America’s middle class is disappearing as growing income inequality creates more families in areas either mostly rich or poor, a report says.
Around 44 per cent of families live in middle-income neighbourhoods – down from 65 per cent in 1970, the Stanford University study shows.
Meanwhile a third of families in the U.S. now live in either rich or poor areas, which has more than doubled on the 1970 figure of 15 per cent.
Some of the middle class have fallen into the poorer classes as jobs are lost in sectors such as manufacturing, reported the New York Times.
But at the same time many of the rich are transforming areas where middle-class and lower income families now cannot afford to live.
The biggest rises in income gaps over the last decade came in Detroit, Michigan; Greensboro, North Carolina; Oklahoma City; and Toledo, Ohio.
‘Rising inequality is beginning to produce a two-tiered society in America,’ Harvard University sociologist William J. Wilson told the New York Times.
‘More affluent citizens live lives fundamentally different from the middle- and lower-income groups. This divide decreases a sense of community.’
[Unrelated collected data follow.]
(* Let $\alpha>-1$, $d\in\widetilde{D}$ (with the convention $d_{-1}=0$), $p=(L_n^{(\alpha+1)})_{n\in\mathbb{N}_0}$, $q=(L_n^{(\alpha)})_{n\in\mathbb{N}_0}$, and let $T=E_{p,d}$ be regarded as an operator in $H(q)$ with domain $\mathcal{P}_c$. For $g=\sum_kg_kq_k\in H(q)$: (i) $g\in D(T^* )$ iff $\sum_{k=0}^\infty\left|g_k\bar d_k+(\bar d_k-\bar d_{k-1})\sum_{t=0}^{k-1}g_t\right|^2<\infty$; (ii) for $g\in D(T^* )$, $T^*g=\sum_{k=0}^\infty\left(g_k\bar d_k+(\bar d_k-\bar d_{k-1})\sum_{t=0}^{k-1}g_t\right)q_k$; (iii) for $s\in\mathbb{N}_0$, $q_s\in D(T^* )$ iff $(\bar d_k-\bar d_{k-1})_{k\in\mathbb{N}_0}\in\ell_2$; (iv) if $(\bar d_k-\bar d_{k-1})_{k\in\mathbb{N}_0}\in\ell_2$, then $T$ is closable and (a) $g\in D(\overline{T})$ iff $\sum_{s=0}^\infty\left|g_sd_s+\sum_{k=s+1}^\infty(d_k-d_{k-1})g_k\right|^2<\infty$, (b) for $g\in D(\overline{T})$, $\overline{T}g=\sum_{s=0}^\infty\left(g_sd_s+\sum_{k=s+1}^\infty(d_k-d_{k-1})g_k\right)q_s$.
   Context: $\mathcal{P}_c$ is the space of polynomials in one real variable with complex coefficients. For $\beta>-1$, $L_n^{(\beta)}(x)=\sum_{k=0}^n\frac{(-1)^k}{k!}\binom{n+\beta}{n-k}x^k$ is the generalized Laguerre polynomial. For a sequence $Q=(Q_n)$ of polynomials with $\deg Q_n=n$, $H(Q)$ is the completion of $\mathcal{P}_c$ with respect to the inner product making $(Q_n)$ orthonormal (so here the unnormalized $L_n^{(\alpha)}$ are orthonormal); $g\in H(Q)$ is written $g=\sum_kg_kQ_k$, $(g_k)\in\ell_2$. $\widetilde{D}$ is the set of non-constant sequences of non-zero complex numbers. For a polynomial sequence $p$ and $d\in\widetilde{D}$, $E_{p,d}$ is the linear map on $\mathcal{P}_c$ with $E_{p,d}(p_n)=d_np_n$. $T^*$ denotes the adjoint and $\overline{T}$ the closure. *)

From HB Require Import structures.
From mathcomp Require Import all_boot all_order all_algebra.
From mathcomp Require Import all_classical all_reals all_analysis.
From mathcomp Require Import complex.
Set Implicit Arguments. Unset Strict Implicit. Unset Printing Implicit Defensive.
Import Order.TTheory GRing.Theory Num.Theory.
Import numFieldNormedType.Exports.
Local Open Scope classical_set_scope.
Local Open Scope ring_scope.
Lemma tent_rising r z : 0 <= r -> - r <= z <= 0 ->
  tent r z = z + r /\ tent_area r z = (z + r) ^+ 2 / 2.
Proof.
move=> r0 /andP[rz z0]; rewrite /tent /tent_area z0; split; first by split_minmax_lra.
case: (lerP z (- r)) => // zr; have -> : z = - r by lra.
by rewrite addNr expr0n mul0r.
Qed.

Lemma tent_falling r z : 0 <= r -> 0 <= z <= r ->
  tent r z = r - z /\ tent_area r z = r ^+ 2 - (r - z) ^+ 2 / 2.
Proof.
move=> r0 /andP[z0 zr]; rewrite /tent /tent_area zr; split; first by split_minmax_lra.
case: (lerP z (- r)) => [zr'|_].
  have -> : z = 0 by lra.
  have -> : r = 0 by lra.
  ring.
case: (lerP z 0) => // z0'.
have -> : z = 0 by lra.
by rewrite subr0 add0r; field.
Qed.

Lemma tent_above r z : 0 <= r -> r <= z -> tent r z = 0 /\ tent_area r z = r ^+ 2.
Proof.
move=> r0 rz; rewrite /tent /tent_area; split; first by split_minmax_lra.
case: (lerP z (- r)) => [zr|_].
  have -> : r = 0 by lra.
  by rewrite expr0n.
case: (lerP z 0) => [z0|_].
  have -> : z = 0 by lra.
  have -> : r = 0 by lra.
  ring.
case: (lerP z r) => // zr.
have -> : z = r by lra.
by rewrite subrr expr0n mul0r subr0.
Qed.

(* The trapezoid rule is exact on intervals where [tent r] is affine. *)
Lemma trapezoid_tent r a b : 0 <= r -> a <= b ->
  ~ (a < - r < b) -> ~ (a < 0 < b) -> ~ (a < r < b) ->
  (b - a) / 2 * (tent r a + tent r b) = tent_area r b - tent_area r a.
Proof.
move=> r0 ab n1 n2 n3.
case: (ltrP a (- r)) => ha.
  have hb : b <= - r by case: (lerP b (- r)) => // hb; case: n1; rewrite ha hb.
  have [-> ->] := tent_below r0 (ltW ha); have [-> ->] := tent_below r0 hb; ring.
case: (ltrP a 0) => ha'.
  have hb : b <= 0 by case: (lerP b 0) => // hb; case: n2; rewrite ha' hb.
  have [-> ->] := tent_rising r0 (ltac:(apply/andP; split; lra) : - r <= a <= 0).
  have [-> ->] := tent_rising r0 (ltac:(apply/andP; split; lra) : - r <= b <= 0).
  ring.
case: (ltrP a r) => ha''.
  have hb : b <= r by case: (lerP b r) => // hb; case: n3; rewrite ha'' hb.
  have [-> ->] := tent_falling r0 (ltac:(apply/andP; split; lra) : 0 <= a <= r).
  have [-> ->] := tent_falling r0 (ltac:(apply/andP; split; lra) : 0 <= b <= r).
  ring.
have [-> ->] := tent_above r0 ha''; have [-> ->] := tent_above r0 (ltac:(lra) : r <= b).
ring.
Qed.

End Tent.

Section Trapezoid.
Variable R : realFieldType.
Implicit Types (B : seq R) (f g h : R -> R).

Definition trapz B f : R :=
  \sum_(0 <= t < (size B).-1) (B`_t.+1 - B`_t) / 2 * (f B`_t + f B`_t.+1).

Lemma trapz_telescope B f (F : R -> R) : (0 < size B)%N ->
  (forall t, (t.+1 < size B)%N ->
     (B`_t.+1 - B`_t) / 2 * (f B`_t + f B`_t.+1) = F B`_t.+1 - F B`_t) ->
  trapz B f = F B`_(size B).-1 - F B`_0.
Proof.
move=> B0 h; rewrite /trapz; apply: (telescope_sumr_eq (fun t => F B`_t)) => //.
by move=> t /andP[_ ht]; apply: h; case: (size B) ht B0.
Qed.

Lemma trapzD B f g h : {in B, forall p, f p = g p + h p} ->
  trapz B f = trapz B g + trapz B h.
Proof.
move=> fE; rewrite /trapz -big_split; apply: eq_big_nat => t /andP[_ ht].
have ht' : (t.+1 < size B)%N by case: (size B) ht.
by rewrite !fE ?mem_nth //= ?(ltnW ht'); ring.
Qed.

Lemma trapz_sum (I : finType) B (F : I -> R -> R) :
  trapz B (fun z => \sum_i F i z) = \sum_i trapz B (F i).
Proof.
rewrite /trapz exchange_big /=; apply: eq_bigr => t _.
by rewrite -big_split /= mulr_sumr.
Qed.

Lemma trapzZ B (a : R) f : trapz B (fun z => a * f z) = a * trapz B f.
Proof. by rewrite /trapz mulr_sumr; apply: eq_bigr => t _; ring. Qed.

Lemma nth_le_sorted B i j : sorted <=%O B -> (i <= j)%N -> (j < size B)%N ->
  B`_i <= B`_j.
Proof.
move=> sB ij jB; apply: (le_sorted_leq_nth 0 sB) => //; rewrite inE //.
exact: leq_ltn_trans ij jB.
Qed.

Lemma ler_trapz B f g : sorted <=%O B -> {in B, forall p, f p <= g p} ->
  trapz B f <= trapz B g.
Proof.
move=> sB fg; rewrite /trapz; apply: ler_sum_nat => t /andP[_ ht].
have ht' : (t.+1 < size B)%N by case: (size B) ht.
have := nth_le_sorted sB (leqnSn t) ht'.
have := fg _ (mem_nth 0 ht'); have := fg _ (mem_nth 0 (ltnW ht')).
move=> *; apply: ler_wpM2l; lra.
Qed.

Lemma not_between_consecutive B t p : sorted <=%O B -> (t.+1 < size B)%N ->
  p \in B -> ~ (B`_t < p < B`_t.+1).
Proof.
move=> sB ht /(nthP 0) [s hs <-] /andP[h1 h2].
case: (leqP s t) => st; first by have := nth_le_sorted sB st (ltnW ht); lra.
by have := nth_le_sorted sB st hs; lra.
Qed.

Lemma trapz_tent B (c r : R) : sorted <=%O B -> (0 < size B)%N -> 0 <= r ->
  (forall p, p \in [:: c - r; c; c + r] -> B`_0 < p < B`_(size B).-1 -> p \in B) ->
  trapz B (fun z => tent r (z - c)) =
    tent_area r (B`_(size B).-1 - c) - tent_area r (B`_0 - c).
Proof.
move=> sB B0 r0 kinksB.
apply: (trapz_telescope (F := fun z => tent_area r (z - c))) => // t ht.
have hfirst := nth_le_sorted sB (leq0n t) (ltnW ht).
have hlast := nth_le_sorted sB (ltac:(by case: (size B) ht) : (t.+1 <= (size B).-1)%N)
  (ltac:(by case: (size B) B0) : ((size B).-1 < size B)%N).
have gap p : p \in [:: c - r; c; c + r] -> ~ (B`_t < p < B`_t.+1).
  move=> hp /andP[h1 h2]; apply: (not_between_consecutive sB ht (p := p)).
    by apply: kinksB => //; apply/andP; split; lra.
  by apply/andP; split.
have e : B`_t.+1 - B`_t = (B`_t.+1 - c) - (B`_t - c) by ring.
rewrite e; apply: trapezoid_tent => //.
- by have := nth_le_sorted sB (leqnSn t) ht; lra.
- by move=> h; apply: (gap (c - r)); rewrite ?inE ?eqxx //; lra.
- by move=> h; apply: (gap c); rewrite ?inE ?eqxx ?orbT //; lra.
- by move=> h; apply: (gap (c + r)); rewrite ?inE ?eqxx ?orbT //; lra.
Qed.

End Trapezoid.

Section Packing.
Variable R : realFieldType.

Definition circ_tent (L c r y : R) : R := Num.max 0 (r - circ_dist L y c).

Lemma circ_tent_ge0 (L c r y : R) : 0 <= circ_tent L c r y.
Proof. rewrite /circ_tent; split_minmax_lra. Qed.

Lemma circ_tent_le (L c r y : R) : 0 <= r -> 0 <= circ_dist L y c ->
  circ_tent L c r y <= r.
Proof. rewrite /circ_tent; split_minmax_lra. Qed.

Lemma circ_tent_gt0E (L c r y : R) : 0 < circ_tent L c r y ->
  circ_tent L c r y = r - circ_dist L y c.
Proof. rewrite /circ_tent; split_minmax_lra. Qed.

(* Unrolling the circle: for 2 r <= L only the three copies of the tent
   centred at c - L, c and c + L meet [0, L]. *)
Lemma circ_tent_unroll (L c r y : R) : 0 <= y <= L -> 0 <= c <= L -> 0 <= r ->
  2 * r <= L ->
  circ_tent L c r y = tent r (y - (c - L)) + tent r (y - c) + tent r (y - (c + L)).
Proof.
move=> /andP[? ?] /andP[? ?] ? ?; rewrite /circ_tent /tent /circ_dist.
rewrite (ger0_norm (ltac:(lra) : 0 <= y - (c - L))).
rewrite (ler0_norm (ltac:(lra) : y - (c + L) <= 0)).
split_minmax_lra.
Qed.

Lemma sorted_chain_packing (I : eqType) (L : R) (x w : I -> R) (s : seq I) (k : I) :
  (forall i j, i != j -> 0 < w i -> 0 < w j -> w i + w j <= circ_dist L (x i) (x j)) ->
  uniq (k :: s) -> sorted (fun i j => x i <= x j) (k :: s) ->
  all (fun j => 0 < w j) (k :: s) ->
  \sum_(j <- k :: s) 2 * w j - w k - w (last k s) <= x (last k s) - x k.
Proof.
move=> w_sep; elim: s k => [|a s IH] k; first by rewrite big_seq1 => *; lra.
rewrite cons_uniq => /andP[ka ua] /= /andP[xka sa] /and3P[wk wa ws].
have kna : k != a by apply: contraNneq ka => ->; rewrite inE eqxx.
have := IH a ua sa (ltac:(by rewrite /= wa ws)).
have := w_sep k a kna wk wa.
have := circ_dist_le_norm L (x k) (x a).
rewrite !big_cons distrC ger0_norm ?subr_ge0 //; lra.
Qed.

Lemma circle_packing (I : finType) (L : R) (x w : I -> R) :
  0 <= L -> (forall i, 0 <= w i) -> (forall i, 2 * w i <= L) ->
  (forall i j, i != j -> 0 < w i -> 0 < w j -> w i + w j <= circ_dist L (x i) (x j)) ->
  \sum_i 2 * w i <= L.
Proof.
move=> L0 w0 wL w_sep.
set S := [seq i <- enum I | 0 < w i].
have -> : \sum_i 2 * w i = \sum_(i <- S) 2 * w i.
  rewrite big_filter (bigID (fun i => 0 < w i)) /= [X in _ + X]big1 ?addr0.
    by rewrite big_enum_cond.
  move=> i; rewrite -leNgt => wi.
  have -> : w i = 0 by apply/eqP; rewrite eq_le wi w0.
  by rewrite mulr0.
pose le := fun i j => x i <= x j.
have le_total : total le by move=> i j; rewrite /le le_total.
have pS : perm_eq (sort le S) S by rewrite perm_sort.
rewrite -(perm_big _ pS).
have uS : uniq (sort le S) by rewrite sort_uniq filter_uniq // enum_uniq.
have aS : all (fun j => 0 < w j) (sort le S) by rewrite (perm_all _ pS) filter_all.
have sS : sorted le (sort le S) := sort_sorted le_total S.
case E: (sort le S) uS aS sS => [|k s] uS aS sS; first by rewrite big_nil.
have chain := sorted_chain_packing w_sep uS sS aS.
case: s {E} uS aS sS chain => [|a s] uS aS sS chain; first by rewrite big_seq1.
set l := last k (a :: s) in chain *.
have lk : l != k.
  by apply/eqP => lk; move: uS; rewrite cons_uniq -{1}lk /l /= mem_last.
have /allP wpos := aS.
have := w_sep _ _ lk (wpos _ (mem_last _ _)) (wpos _ (mem_head _ _)).
have := circ_dist_le_compl L (x l) (x k).
have := ler_norm (x l - x k).
lra.
Qed.

End Packing.

Section TorusPacking.
Variables (R : realFieldType) (I : finType) (L : R) (x y r : I -> R).
Hypotheses (L_ge0 : 0 <= L) (y_in : forall i, 0 <= y i <= L) (r_ge0 : forall i, 0 <= r i)
  (r_le : forall i, 2 * r i <= L)
  (r_sep : forall i j, i != j ->
     r i + r j <= circ_dist L (x i) (x j) + circ_dist L (y i) (y j)).
(* Let $n\geqslant 2$, let $m_1,\ldots,m_n$ be nonnegative integers, and let $A=(a_{ij})_{1\leqslant i,j\leqslant n}$ be a complex matrix. Let $P(x_1,\ldots,x_n)\in\mathbb{C}[x_1,\ldots,x_n]$ be homogeneous and suppose there is $\nu\in\{1,-1\}$ such that for all $1\leqslant i<j\leqslant n$, $$P(x_1,\ldots,x_{i-1},x_j,x_{i+1},\ldots,x_{j-1},x_i,x_{j+1},\ldots,x_n)=\nu P(x_1,\ldots,x_n).$$ Set $f(x_1,\ldots,x_n)=\|a_{ij}x_j^{m_i}\|_{1\leqslant i,j\leqslant n}\,P(x_1,\ldots,x_n)$. Then, as polynomials in $x$, $$f^*(x,\ldots,x)=P^*(x-m_1,\ldots,x-m_n)\prod_{i=1}^n (x)_{m_i}\times\begin{cases}\|A\| & \text{if } \nu=1,\\ \mathrm{per}(A) & \text{if } \nu=-1.\end{cases}$$
   Context: $(x)_0=1$ and $(x)_r=x(x-1)\cdots(x-r+1)$ for positive integers $r$. For a polynomial $Q=\sum_{j_1,\ldots,j_n} c_{j_1,\ldots,j_n}x_1^{j_1}\cdots x_n^{j_n}\in\mathbb{C}[x_1,\ldots,x_n]$, $Q^*$ denotes the polynomial $\sum_{j_1,\ldots,j_n} c_{j_1,\ldots,j_n}(x_1)_{j_1}\cdots(x_n)_{j_n}$. For a matrix $B=(b_{ij})_{1\leqslant i,j\leqslant n}$, $\|B\|=\sum_{\sigma\in S_n}\varepsilon(\sigma)\prod_{i=1}^n b_{i,\sigma(i)}$ is its determinant and $\mathrm{per}(B)=\sum_{\sigma\in S_n}\prod_{i=1}^n b_{i,\sigma(i)}$ its permanent, where $S_n$ is the symmetric group on $\{1,\ldots,n\}$ and $\varepsilon(\sigma)$ is the sign of $\sigma$. *)

From mathcomp Require Import all_boot all_algebra fingroup perm.
From mathcomp Require Import Rstruct.
From mathcomp Require Import complex.
From mathcomp Require Export mpoly.
Set Implicit Arguments. Unset Strict Implicit. Unset Printing Implicit Defensive.
Import GRing.Theory.
Local Open Scope ring_scope.

Definition C : numClosedFieldType := (Rdefinitions.R)[i].

Definition ffactr {R : ringType} (y : R) (r : nat) : R :=
  \prod_(k < r) (y - k%:R).

Definition mfstar {n : nat} {R : comRingType} (Q : {mpoly R[n]}) : {mpoly R[n]} :=
  \sum_(m <- msupp Q) Q@_m *: \prod_(i < n) ffactr ('X_i) (m i).

(* Evaluation of a multivariate polynomial at univariate polynomials
   (used to form Q(y_1,...,y_n) with y_i in C[x]). *)
Definition mevalp {n : nat} {R : comRingType} (Q : {mpoly R[n]})
  (y : 'I_n -> {poly R}) : {poly R} := mmap (@polyC R) y Q.

Definition per {R : comRingType} {n : nat} (B : 'M[R]_n) : R :=
  \sum_(s : 'S_n) \prod_(i < n) B i (s i).

(* (X^b Q)^* evaluated at y is prod_i (y_i)_(b_i) * Q^*(y - b), because
   (x)_(b+c) = (x)_b (x-b)_c.  Expanding the determinant, the permutation s
   contributes sign(s) prod_i a_(i,s(i)) X^(m o s^-1) P; moving the
   permutation from the shifts m o s^-1 onto P via msym costs a factor nu^s,
   since P is nu-symmetric under transpositions.  The terms thus add up to
   sum_s sign(s) nu^s prod_i a_(i,s(i)), i.e. to det A or per A. *)
From HB Require Import structures.
From mathcomp Require Import all_boot all_algebra fingroup perm.
From mathcomp Require Import mpoly bigenough ssrcomplements ring.
Set Implicit Arguments.
Unset Strict Implicit.
Unset Printing Implicit Defensive.
Import GRing.Theory Num.Theory.
Local Open Scope ring_scope.

Lemma ffactrD (R : nzRingType) (y : R) a b :
  ffactr y (a + b) = ffactr y a * ffactr (y - a%:R) b.
Proof.
rewrite /ffactr big_split_ord /=; congr (_ * _); apply: eq_bigr => k _.
by rewrite natrD opprD addrA.
Qed.

Section FallingFactorialTransform.
Import BigEnough.
Variables (n : nat) (R : comNzRingType).
Implicit Types (p q : {mpoly R[n]}) (y : 'I_n -> {poly R}).

Lemma mfstarE k p : (msize p <= k)%N ->
  mfstar p = \sum_(m : 'X_{1..n < k}) p@_m *: \prod_(i < n) ffactr 'X_i (m i).
Proof.
move=> le_pk; set I : subFinType _ := 'X_{1..n < k}.
rewrite /mfstar (big_mksub I) ?msupp_uniq //=; first last.
  by move=> x /msize_mdeg_lt /leq_trans; apply.
by rewrite big_rmcond //= => j /memN_msupp_eq0 ->; rewrite scale0r.
Qed.

Lemma mfstar_is_linear : linear (@mfstar n R).
Proof.
move=> c p q; pose_big_enough k.
  rewrite !(mfstarE (k := k)) // scaler_sumr -big_split /=.
  apply/eq_bigr => m _.
  by rewrite mcoeffD mcoeffZ scalerDl scalerA.
by close.
Qed.

HB.instance Definition _ :=
  GRing.isLinear.Build R {mpoly R[n]} {mpoly R[n]} _ (@mfstar n R)
    mfstar_is_linear.

Lemma mevalp_mfstarX m y :
  mevalp (mfstar 'X_[m]) y = \prod_(i < n) ffactr (y i) (m i).
Proof.
rewrite /mfstar msuppX big_seq1 mcoeffX eqxx scale1r /mevalp rmorph_prod.
apply: eq_bigr => i _; rewrite rmorph_prod; apply: eq_bigr => j _.
by rewrite rmorphB /= rmorph_nat mmapX mmap1U.
Qed.

Lemma eq_mevalp p y1 y2 : y1 =1 y2 -> mevalp p y1 = mevalp p y2.
Proof. by move=> eq_y; apply: eq_bigr => k _; rewrite (mmap1_eq _ eq_y). Qed.

Lemma mevalp_mfstarZ c p y :
  mevalp (mfstar (c *: p)) y = c%:P * mevalp (mfstar p) y.
Proof. by rewrite linearZ /mevalp mmapZ. Qed.

Lemma mevalp_mfstarD p q y :
  mevalp (mfstar (p + q)) y = mevalp (mfstar p) y + mevalp (mfstar q) y.
Proof. by rewrite linearD /mevalp mmapD. Qed.

Lemma mevalp_mfstar_sum (I : Type) (r : seq I) (P : pred I) F y :
  mevalp (mfstar (\sum_(i <- r | P i) F i)) y =
  \sum_(i <- r | P i) mevalp (mfstar (F i)) y.
Proof. by rewrite linear_sum /mevalp raddf_sum. Qed.

Lemma mevalp_mfstar_msym (s : 'S_n) p y :
  mevalp (mfstar (msym s p)) y = mevalp (mfstar p) (y \o s).
Proof.
elim/mpolyind: p => [|c m p _ _ IHp].
  by rewrite msym0 linear0 /mevalp !mmap0.
rewrite msymD msymZ msymX !mevalp_mfstarD !mevalp_mfstarZ IHp !mevalp_mfstarX.
congr (_ * _ + _); rewrite (reindex_inj (@perm_inj _ s)) /=.
by apply: eq_bigr => i _; rewrite mnmE permK.
Qed.

Lemma mevalp_mfstar_mulX (b : 'X_{1..n}) p y :
  mevalp (mfstar ('X_[b] * p)) y =
  \prod_(i < n) ffactr (y i) (b i) *
  mevalp (mfstar p) (fun i => y i - (b i)%:R%:P).
Proof.
elim/mpolyind: p => [|c m p _ _ IHp].
  by rewrite mulr0 linear0 /mevalp !mmap0 mulr0.
rewrite mulrDr -scalerAr -mpolyXD !mevalp_mfstarD !mevalp_mfstarZ IHp.
rewrite !mevalp_mfstarX mulrDr mulrCA -big_split /=; congr (_ * _ + _).
by apply: eq_bigr => i _; rewrite mnmDE ffactrD polyC_natr.
Qed.

End FallingFactorialTransform.

Lemma msym_tperm_sign (n : nat) (R : nzRingType) (nu : R) (P : {mpoly R[n]}) :
  nu ^+ 2 = 1 ->
  (forall i j : 'I_n, (i < j)%N -> msym (tperm i j) P = nu *: P) ->
  forall s : 'S_n, msym s P = nu ^+ s *: P.
Proof.
move=> nu2 symP s.
have symP' (i j : 'I_n) : i != j -> msym (tperm i j) P = nu *: P.
  case: (ltngtP i j) => [/symP //|/symP|/val_inj->]; last by rewrite eqxx.
  by rewrite tpermC.
have [ts -> dts] := prod_tpermP s; rewrite odd_perm_prod // -modn2 expr_mod //.
elim: ts dts => [|[i j] ts IHts] /=; first by rewrite big_nil msym1m scale1r.
case/andP=> /= /symP' Pij dts.
by rewrite big_cons msymMm /= Pij msymZ IHts // scalerA -exprS.
Qed.

Lemma prod_mpolyX_perm (n : nat) (R : nzRingType) (s : 'S_n) (m : 'I_n -> nat) :
  \prod_(i < n) ('X_(s i) : {mpoly R[n]}) ^+ m i =
  'X_[[multinom m ((s^-1)%g j) | j < n]].
Proof. by rewrite (mpolyXE _ s); apply: eq_bigr => i _; rewrite mnmE permK. Qed.

Section DeterminantExpansion.
Variables (n : nat) (R : comNzRingType) (A : 'M[R]_n) (m : 'I_n -> nat).

Definition mpolyX_matrix : 'M[{mpoly R[n]}]_n :=
  \matrix_(i < n, j < n) ((A i j)%:MP * 'X_j ^+ m i).

Lemma det_mpolyX_matrix : \det mpolyX_matrix =
  \sum_(s : 'S_n) ((-1) ^+ s * \prod_(i < n) A i (s i)) *:
                   'X_[[multinom m ((s^-1)%g j) | j < n]].
Proof.
apply: eq_bigr => s _; rewrite -prod_mpolyX_perm.
rewrite (eq_bigr (fun i => (A i (s i))%:MP * 'X_(s i) ^+ m i)); last first.
  by move=> i _; rewrite mxE.
rewrite big_split /= -rmorph_prod -mul_mpolyC rmorphM /=.
by rewrite rmorphXn rmorphN1 mulrA.
Qed.

Lemma mevalp_mfstar_det_mul (t : {poly R}) (nu : R) (P : {mpoly R[n]}) :
  (forall s : 'S_n, msym s P = nu ^+ s *: P) ->
  mevalp (mfstar (\det mpolyX_matrix * P)) (fun _ => t) =
  mevalp (mfstar P) (fun i => t - (m i)%:R%:P) * \prod_(i < n) ffactr t (m i) *
  (\sum_(s : 'S_n) (-1) ^+ s * nu ^+ s * \prod_(i < n) A i (s i))%:P.
Proof.
move=> symP; rewrite det_mpolyX_matrix mulr_suml mevalp_mfstar_sum rmorph_sum.
rewrite mulr_sumr; apply: eq_bigr => s _.
rewrite -scalerAl mevalp_mfstarZ mevalp_mfstar_mulX.
have -> : \prod_(i < n) ffactr t ([multinom m ((s^-1)%g j) | j < n] i) =
          \prod_(i < n) ffactr t (m i).
  rewrite (reindex_inj (@perm_inj _ s)) /=.
  by apply: eq_bigr => i _; rewrite mnmE permK.
have -> : mevalp (mfstar P)
    (fun i => t - ([multinom m ((s^-1)%g j) | j < n] i)%:R%:P) =
    (nu ^+ s)%:P * mevalp (mfstar P) (fun i => t - (m i)%:R%:P).
  rewrite -odd_permV -mevalp_mfstarZ -symP mevalp_mfstar_msym.
  by apply: eq_mevalp => i; rewrite mnmE.
rewrite !rmorphM /=.
move: (mevalp _ _) (\prod_(i < n) ffactr t (m i)) => G F.
move: ((-1) ^+ s)%:P (nu ^+ s)%:P (\prod_(i < n) A i (s i))%:P => a b c.
ring.
Qed.

End DeterminantExpansion.

Theorem theorem2p1 (n : nat) (hn : (2 <= n)%N) (m : 'I_n -> nat)
  (A : 'M[C]_n) (P : {mpoly C[n]}) (nu : C) :
  (exists d : nat, P \is d.-homog) ->
  (nu = 1 \/ nu = -1) ->
  (forall i j : 'I_n, (i < j)%N -> msym (tperm i j) P = nu *: P) ->
  let f : {mpoly C[n]} :=
    \det (\matrix_(i < n, j < n) ((A i j)%:MP * 'X_j ^+ m i)) * P in
  mevalp (mfstar f) (fun _ => 'X) =
    mevalp (mfstar P) (fun i => 'X - ((m i)%:R)%:P)
    * (\prod_(i < n) ffactr ('X : {poly C}) (m i))
    * (if nu == 1 then \det A else per A)%:P.
Proof.
move=> _ nu_sign symP f.
have nu2 : nu ^+ 2 = 1 by case: (nu_sign) => ->; rewrite ?sqrrN expr1n.
rewrite /f (mevalp_mfstar_det_mul A m 'X (msym_tperm_sign nu2 symP)).
congr (_ * _%:P); case: nu_sign => ->.
  by rewrite eqxx; apply: eq_bigr => s _; rewrite expr1n mulr1.
have -> : (-1 == 1 :> C) = false.
  by apply/negbTE; rewrite eq_sym -addr_eq0 (pnatr_eq0 C 2).
by apply: eq_bigr => s _; rewrite -signr_addb addbb mul1r.
Qed.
Thinning: This graphic from the report shows how the American middle class has been shrinking over the period between 1970 and 2007
Rising trend: This graph shows how low-income and high-income families in the U.S. are becoming more segregated from all other families
‘Rising inequality is beginning to produce a two-tiered society in America. The more affluent citizens live lives fundamentally different from the middle- and lower-income groups. This divide decreases a sense of community’ William Julius Wilson, Harvard University sociologist
The gap is widening because children in poorer areas often have less chance of going to better schools and lack strong local support networks.
The gap in standardised test results between rich and poor children is now two-fifths bigger than it was in 1970.
Rich families are becoming more isolated and double now live in affluent areas, compared to in 1970, reported the New York Times.
The present-day figures are based on statistics from 2007, which was the last year captured by data in the study – part of research project ‘US2010’.